Stored data =>
◆ ◆ ◆

Lemma derive_sqnorm x u : derive (@sqnorm R d) x u = 2 * dot x u.
Proof.
rewrite derive_polyfun_sum => [|k]; last by apply: polyfun_mul; apply: polyfun_coord.
rewrite mulr_sumr; apply: eq_bigr => k _.
by rewrite derive_polyfunM ?derive_coord; [ring|apply: polyfun_coord..].
Qed.

Lemma notin_span_orthogonal n (v0 : V) (v : 'I_n -> V) :
  ~ (exists c : 'I_n -> R, v0 = \sum_(i < n) c i *: v i) ->
  exists w : V, (forall i, dot (v i) w = 0) /\ dot v0 w != 0.
Proof.
move=> v0_notin_span.
pose S : 'M[R]_(n, d) := \matrix_(i < n, k < d) v i ord0 k.
have : ~~ (v0 <= S)%MS.
  apply/negP => /submxP [D v0E]; apply: v0_notin_span; exists (fun i => D ord0 i).
  rewrite v0E mulmx_sum_row; apply: eq_bigr => i _; congr (_ *: _).
  by apply/rowP => k; rewrite !mxE.
rewrite submxE => /eqP/matrixP/boolp.existsNP [i /boolp.existsNP [j /eqP v0K_neq0]].
exists (\row_(k < d) cokermx S k j); split.
  move=> l; have /matrixP/(_ l j) := mulmx_coker S.
  by rewrite !mxE => <-; apply: eq_bigr => k _; rewrite !mxE.
rewrite (ord1 i) !mxE in v0K_neq0.
by rewrite /dot; under eq_bigr do rewrite mxE.
Qed.

Lemma notin_span_orthogonal_tilt n (v0 : V) (v : 'I_n -> V) :
  ~ (exists c : 'I_n -> R, v0 = \sum_(i < n) c i *: v i) ->
  exists a : V, (forall i, dot (v i) a = 0) /\ 0 < dot a (v0 - a).
Proof.
move=> /notin_span_orthogonal [w [v_orth_w s_neq0]].
set s := dot v0 w in s_neq0; pose W := sqnorm w + 1.
have W_gt0 : 0 < W by rewrite ltr_wpDl ?sqnorm_ge0.
exists ((s / W) *: w); split=> [i|]; first by rewrite dotZr v_orth_w mulr0.
have -> : dot ((s / W) *: w) (v0 - (s / W) *: w) = (s / W) ^+ 2.
  rewrite dotZl dotC dotBl !dotZl -sqnorm_dot -/s.
  have -> : sqnorm w = W - 1 by rewrite addrK.
  by field; rewrite gt_eqF.
by rewrite lt0r sqr_ge0 andbT sqrf_eq0 mulf_neq0 // invr_eq0 gt_eqF.
Qed.
(* The hereditary class property ''nowhere dense'' (the set of hereditary nowhere dense classes) is a decomposition horizon.
   Context: Graphs are finite and simple. For a graph $H$ and integer $p\ge0$, $H^{(p)}$ is obtained by replacing each edge of $H$ by a path of length $p+1$. A class $\mathscr C$ is nowhere dense if there is a function $f_\omega:\mathbb N\to\mathbb N$ such that whenever $H^{(p)}$ is a subgraph of a graph in $\mathscr C$, the clique number of $H$ is at most $f_\omega(p)$. A hereditary class is a class closed under isomorphism and induced subgraphs; a hereditary class property is a set $\Pi$ of hereditary classes closed under passing to hereditary subclasses. For non-decreasing $f$ and positive integer $p$, $\mathscr C$ has an $f$-bounded $\Pi$-decomposition with parameter $p$ if there is $\mathscr D_p\in\Pi$ such that every $G\in\mathscr C$ has a partition $V_1,\dots,V_N$ of $V(G)$, $N\le f(|G|)$, with $G[V_{i_1}\cup\dots\cup V_{i_p}]\in\mathscr D_p$ for all $i_1,\dots,i_p\in[N]$. $\Pi^\ast$ is the set of hereditary classes that, for every positive integer $p$, have such a decomposition for some non-decreasing $f$ with $f(n)=n^{o(1)}$. $\Pi$ is a decomposition horizon if $\Pi^\ast=\Pi$. *)

From Stdlib Require Import Reals.
From mathcomp Require Import all_boot.

Set Implicit Arguments.
Unset Strict Implicit.
Unset Printing Implicit Defensive.
Lemma involutive_extend_singleton_last_layer :
  involutive_word (extend_word (extend_word g r) s).
Proof.
set w := extend_word _ _.
have w_low j : j < r -> nth 0 w j = nth 0 g j.
  by move=> jr; have [gj _] := g_lower jr; rewrite (nth_extend_word2_small size_g); lia.
have w_mid j : r <= j < s -> nth 0 w j = if j == r then k else r + s - j.
  move=> rjs; rewrite (nth_extend_word2_lt size_g) ?g_mid //; last by lia.
  by case: eqP => [->|]; rewrite /bump; lia.
have w_s : nth 0 w s = k.+1.
  by rewrite (nth_extend_word2_lt size_g) ?g_high ?leqnn /bump; lia.
have w_k : nth 0 w k = r by rewrite (nth_extend_word2_k size_g) /bump; lia.
have w_k1 : nth 0 w k.+1 = s by rewrite (nth_extend_word2_k1 size_g).
move=> i; rewrite !size_extend_word size_g => ik.
have [ir | ri] := ltnP i r; first by have [gi gg] := g_lower ir; rewrite !w_low.
have [-> | [ii | [-> | [-> | ->]]]] : i = r \/ r < i < s \/ i = s \/ i = k \/ i = k.+1.
  by rewrite k_s in ik *; lia.
- by rewrite (w_mid r) ?eqxx ?w_k //; lia.
- have wi : nth 0 w i = r + s - i by rewrite w_mid ?ifF //; lia.
  by rewrite wi w_mid ?ifF; lia.
- by rewrite w_s w_k1.
- by rewrite w_k (w_mid r) ?eqxx //; lia.
- by rewrite w_k1 w_s.
Qed.

Lemma singleton_last_layer_extension :
  exists! xy : nat * nat, [/\ xy.1 <= k, xy.2 <= k.+1 & admissible_extension g xy.1 xy.2].
Proof.
exists (r, s); split.
  split=> /=; [lia | lia |].
  apply: admissible_layered_extension_of_involutive; [lia | rewrite neq_ltn; lia |].
  exact: involutive_extend_singleton_last_layer.
move=> [x y] [/= xk yk /(admissible_layered_extension xk yk)[-> xs [xk1 | [xk1 gj]]]].
  by rewrite xk1 k_s /= eqxx in xs.
have bx : bump s x = x by rewrite /bump; lia.
have [xr | rx] := ltnP x r; first by have [gx _] := g_lower xr; move: gj; rewrite bx; lia.
suff -> : x = r by [].
by move: gj; rewrite bx g_mid ?rx //=; lia.
Qed.

End SingletonLastLayer.

End LayeredExtension.

Theorem mainTheorem11 (k : nat) (hk : 2 <= k) (t : 'S_k) (ht : layered t) :
  exists! s : 'S_(k.+2),
    involutive_perm s /\ init_pattern k s = word t /\
    ~ involutive_word (init_pattern k.+1 s).
Proof.
case: ht => c [c_pos [c_sum wt]].
apply: (exists_unique_involution_of_extension (perm_word t)); rewrite wt -c_sum.
clear wt; move: c_pos c_sum; case/lastP: c => [_ /= k0 | c a]; first by lia.
rewrite all_rcons sumn_rcons => /andP[a_gt0 c_pos] k_ca.
have [a_ge2 | a1] : 2 <= a \/ a = 1 by lia.
  exact: long_last_layer_extension.
move: c_pos; case/lastP: c k_ca => [/= k1 | c b _]; first by lia.
rewrite all_rcons => /andP[b_gt0 _].
exact: singleton_last_layer_extension.
Qed.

◆ ◆ ◆

YOUR GOAL => Filter the records above for the string "decomposition" and copy each matching line.

SOLUTION FOR THIS TASK =>
(* The hereditary class property ''nowhere dense'' (the set of hereditary nowhere dense classes) is a decomposition horizon.
   Context: Graphs are finite and simple. For a graph $H$ and integer $p\ge0$, $H^{(p)}$ is obtained by replacing each edge of $H$ by a path of length $p+1$. A class $\mathscr C$ is nowhere dense if there is a function $f_\omega:\mathbb N\to\mathbb N$ such that whenever $H^{(p)}$ is a subgraph of a graph in $\mathscr C$, the clique number of $H$ is at most $f_\omega(p)$. A hereditary class is a class closed under isomorphism and induced subgraphs; a hereditary class property is a set $\Pi$ of hereditary classes closed under passing to hereditary subclasses. For non-decreasing $f$ and positive integer $p$, $\mathscr C$ has an $f$-bounded $\Pi$-decomposition with parameter $p$ if there is $\mathscr D_p\in\Pi$ such that every $G\in\mathscr C$ has a partition $V_1,\dots,V_N$ of $V(G)$, $N\le f(|G|)$, with $G[V_{i_1}\cup\dots\cup V_{i_p}]\in\mathscr D_p$ for all $i_1,\dots,i_p\in[N]$. $\Pi^\ast$ is the set of hereditary classes that, for every positive integer $p$, have such a decomposition for some non-decreasing $f$ with $f(n)=n^{o(1)}$. $\Pi$ is a decomposition horizon if $\Pi^\ast=\Pi$. *)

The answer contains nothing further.